The absence of a sitting ambassador is a small, but nevertheless telling self-inflicted wound. Ambassadors are the president’s — and America’s — megaphone in foreign countries. They are a constant, local presence, more potent and respected than ad hoc jet-in visits by Vice President Kamala Harris, Secretary of State Antony Blinken, Defense Lloyd Secretary Austin, House Speaker Nancy Pelosi, or First Lady Jill Biden.
Previous presidents understood the signaling importance of ambassadors. President Donald Trump sent to Hungary businessman David Cornstein, a New York City jewelry magnate who lavished praise (and a party) on Orbán in a style reminiscent of his boss. Trump’s ambassador to Germany, Richard Grenell, was likewise viewed as a strategic button-pusher of Chancellor Angela Merkel’s government, and President Barack Obama’s Vietnam selection of Ted Osius, a married gay man, bolstered changes to that country’s same-sex marriage laws.

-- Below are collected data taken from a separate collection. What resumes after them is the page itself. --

(* Let $\{\mathcal B^{(n)}\}_{n\in\mathbb N}$ be a sequence of infinite matrices $\mathcal B^{(n)}=(\mathcal B^{(n)}_{r,s})_{r,s\ge0}$ and let $b\in\mathbb N$ be such that $\mathcal B^{(n)}_{rs}=0$ whenever $|r-s|>b$, for all $n$. Let $\mathcal B^R$ be a right limit of $\{\mathcal B^{(n)}\}$ along a subsequence $\{n_j\}_j$, and let $M\in\mathbb N$. Then $$\lim_{j\to\infty}C_m^{(n_j)}(\mathcal B^{(n_j)})=D_m(\mathcal B^R_{bM})\quad\text{for }m=1,\dots,M.$$
   Context: $\mathcal B^R=(\mathcal B^R_{r,s})_{r,s\in\mathbb Z}$ is a right limit along $\{n_j\}$ if $\mathcal B^R_{r,s}=\lim_j\mathcal B^{(n_j)}_{n_j+r,n_j+s}$ for all $r,s\in\mathbb Z$ and $\mathcal B^R$ is bounded on $\ell^2(\mathbb Z)$. $\mathcal B^R_{N}$ is the truncation equal to $\mathcal B^R_{r,s}$ for $r,s\in\{-N,\dots,N\}$ and $0$ otherwise. $P_n$ is the projection onto the coordinates $0,\dots,n-1$; $P_-$ on $\ell^2(\mathbb Z)$ is the projection onto coordinates $r<0$. For $m\ge1$, $$C_m^{(n)}(\mathcal B)=\sum_{j=2}^m\frac{(-1)^j}{j}\sum_{\substack{l_1+\dots+l_j=m\\ l_i\ge1}}\frac{\operatorname{Tr}\mathcal B^{l_1}P_n\cdots\mathcal B^{l_j}P_n-\operatorname{Tr}\mathcal B^mP_n}{l_1!\cdots l_j!}$$ (zero for $m=1$), and for a finite-rank operator $F$ on $\ell^2(\mathbb Z)$, $$D_m(F)=\sum_{j=1}^m\frac{(-1)^j}{j}\sum_{\substack{l_1+\dots+l_j=m\\ l_i\ge1}}\frac{\operatorname{Tr}\big(\prod_{t=1}^jP_-F^{l_t}P_--P_-F^mP_-\big)}{l_1!\cdots l_j!}.$$ *)

From HB Require Import structures.
From mathcomp Require Import all_boot all_order all_algebra.
From mathcomp Require Import complex.
From mathcomp Require Import reals.
Set Implicit Arguments. Unset Strict Implicit. Unset Printing Implicit Defensive.
Import Order.TTheory GRing.Theory Num.Theory.
Local Open Scope ring_scope.

Section Defs.
Variable R : realType.
Local Notation C := R[i].

Definition cvgC (u : nat -> C) (l : C) : Prop :=
  forall e : C, 0 < e -> exists J : nat, forall j : nat, (J <= j)%N -> `|u j - l| < e.

Definition banded (b : nat) (B : nat -> nat -> C) : Prop :=
  forall r s : nat, (b < r - s)%N || (b < s - r)%N -> B r s = 0.

(* entry (r,s) of the l-th power of a matrix B with bandwidth b:
   (B^(l+1))_{rs} = sum_{t >= 0} B_{rt} (B^l)_{ts}; since B_{rt} = 0 for t > r + b,
   the sum is over t < r + b + 1 (this is the literal infinite sum for banded B). *)
Fixpoint powB (b : nat) (B : nat -> nat -> C) (l : nat) (r s : nat) : C :=
  match l with
  | O => (r == s)%:R
  | l'.+1 => \sum_(t < r + b + 1) B r t * powB b B l' t s
  end.

(* Tr B^{l_1} P_n B^{l_2} P_n ... B^{l_j} P_n *)
Definition trBP (b n : nat) (B : nat -> nat -> C) (j : nat) (l : 'I_j -> nat) : C :=
  \sum_(k : {ffun 'I_j -> 'I_n})
     \prod_(t < j) powB b B (l t) (k t) (k (ordS t)).

(* Tr B^m P_n *)
Definition trBmP (b n : nat) (B : nat -> nat -> C) (m : nat) : C :=
  \sum_(k < n) powB b B m k k.

Definition compo (j m : nat) (l : {ffun 'I_j -> 'I_m.+1}) : bool :=
  [forall t, (0 < l t)%N] && ((\sum_(t < j) (l t : nat))%N == m).

Definition factprod (j m : nat) (l : {ffun 'I_j -> 'I_m.+1}) : C :=
  (\prod_(t < j) (l t : nat)`!)%:R.

Definition Cmn (b : nat) (m n : nat) (B : nat -> nat -> C) : C :=
  \sum_(2 <= j < m.+1)
    ((-1) ^+ j / j%:R) *
    \sum_(l : {ffun 'I_j -> 'I_m.+1} | compo l)
       (trBP b n B (fun t => (l t : nat)) - trBmP b n B m) / factprod l.

Definition extZ (B : nat -> nat -> C) (r s : int) : C :=
  if (0 <= r) && (0 <= s) then B `|r|%N `|s|%N else 0.

(* boundedness on l^2(Z) of an infinite matrix A = (A_{rs})_{r,s in Z}:
   ||A x|| <= K ||x|| for all finitely supported x *)
Definition boundedZ (A : int -> int -> C) : Prop :=
  exists K : C, forall (N N' : nat) (x : int -> C),
    \sum_(i < (2 * N').+1)
       `| \sum_(k < (2 * N).+1) A (i%:Z - N'%:Z) (k%:Z - N%:Z) * x (k%:Z - N%:Z) | ^+ 2
    <= K * \sum_(k < (2 * N).+1) `| x (k%:Z - N%:Z) | ^+ 2.

Definition right_limit (Bs : nat -> nat -> nat -> C) (nj : nat -> nat)
    (BR : int -> int -> C) : Prop :=
  (forall r s : int,
     cvgC (fun j => extZ (Bs (nj j)) ((nj j)%:Z + r) ((nj j)%:Z + s)) (BR r s))
  /\ boundedZ BR.

(* the truncation B^R_N, viewed on its support {-N..N}^2:
   index i : 'I_(2N+1) stands for the integer i - N *)
Definition truncZ (BR : int -> int -> C) (N : nat) : 'M[C]_((2 * N).+1) :=
  \matrix_(i, k) BR (i%:Z - N%:Z) (k%:Z - N%:Z).

(* P_- : projection onto coordinates r < 0, i.e. i < N *)
Definition Pminus (N : nat) : 'M[C]_((2 * N).+1) :=
  \matrix_(i, k) ((i == k) && (i < N)%N)%:R.

Definition Dm (N m : nat) (F : 'M[C]_((2 * N).+1)) : C :=
  let P := Pminus N in
  \sum_(1 <= j < m.+1)
    ((-1) ^+ j / j%:R) *
    \sum_(l : {ffun 'I_j -> 'I_m.+1} | compo l)
       \tr ((\prod_(t < j) (P * F ^+ (l t : nat) * P)) - P * F ^+ m * P) / factprod l.

End Defs.

From HB Require Import structures.
From mathcomp Require Import all_boot all_order all_algebra.
From mathcomp Require Import complex.
From mathcomp Require Import reals.
From mathcomp Require Import zify ring.
Set Implicit Arguments. Unset Strict Implicit. Unset Printing Implicit Defensive.
Import Order.TTheory GRing.Theory Num.Theory.
Local Open Scope ring_scope.

(* Expanding the traces into sums over cyclic index sequences k_0, ..., k_j, the
   difference Tr(B^l_0 P_n ... B^l_j P_n) - Tr(B^m P_n) becomes a sum of products of
   entries of powers of B, each weighted by 1[all k_t < n] - 1[k_0 < n].  Only
   sequences reaching an index >= n contribute, and by the band structure such a
   closed walk of total length m never leaves the window of radius bm <= bM around
   n.  So for n > bM the quantity C_m^(n)(B^(n)) is exactly D_m of the window of
   B^(n) at (n, n), and D_m is a polynomial in the window entries, which converge to
   those of B^R_{bM}. *)

Section SequenceLimits.
Variable K : numFieldType.

Definition cvg_seq (u : nat -> K) (l : K) : Prop :=
  forall e : K, 0 < e -> exists J : nat, forall j : nat, (J <= j)%N -> `|u j - l| < e.

Lemma cvg_seq_eventually u v l (J0 : nat) :
  cvg_seq u l -> (forall j, (J0 <= j)%N -> u j = v j) -> cvg_seq v l.
Proof.
move=> ul euv e e_gt0; have [J HJ] := ul e e_gt0.
exists (maxn J J0) => j; rewrite geq_max => /andP [hJ hJ0].
by rewrite -euv //; apply: HJ.
Qed.

Lemma eq_cvg_seq u v l : cvg_seq u l -> u =1 v -> cvg_seq v l.
Proof. by move=> ul euv; apply: (cvg_seq_eventually (J0 := 0) ul) => j _. Qed.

For Biden, then, the job is to be represented by the anti-Orbán: an advocate — in character and/or deed — for the democratic values and civil and human rights protections the administration says it wants to uphold. While the nominee for the post, David Pressman, promises to embody many of those traits, his announcement is way too late in coming. The process of vetting, nominating, and confirming U.S. ambassadors is, to be sure, a notoriously slow one, no matter the party or personality in charge. The Biden administration is no exception, with over 50 ambassadorships to foreign countries currently vacant and nearly half of those, like Hungary, lacking even a nominee. But there are few parts of the world more critically in need of Biden’s – and America’s – spokesman right now than Hungary.
And that, perhaps, is the crux. The administration might not be able to do much about domestic Hungarian politics, and foreign policy is always a complex congressional game. But when it comes to underscoring American leadership in the war of democracy versus autocracy, there is no excuse for the delay in sending an ambassador to Hungary.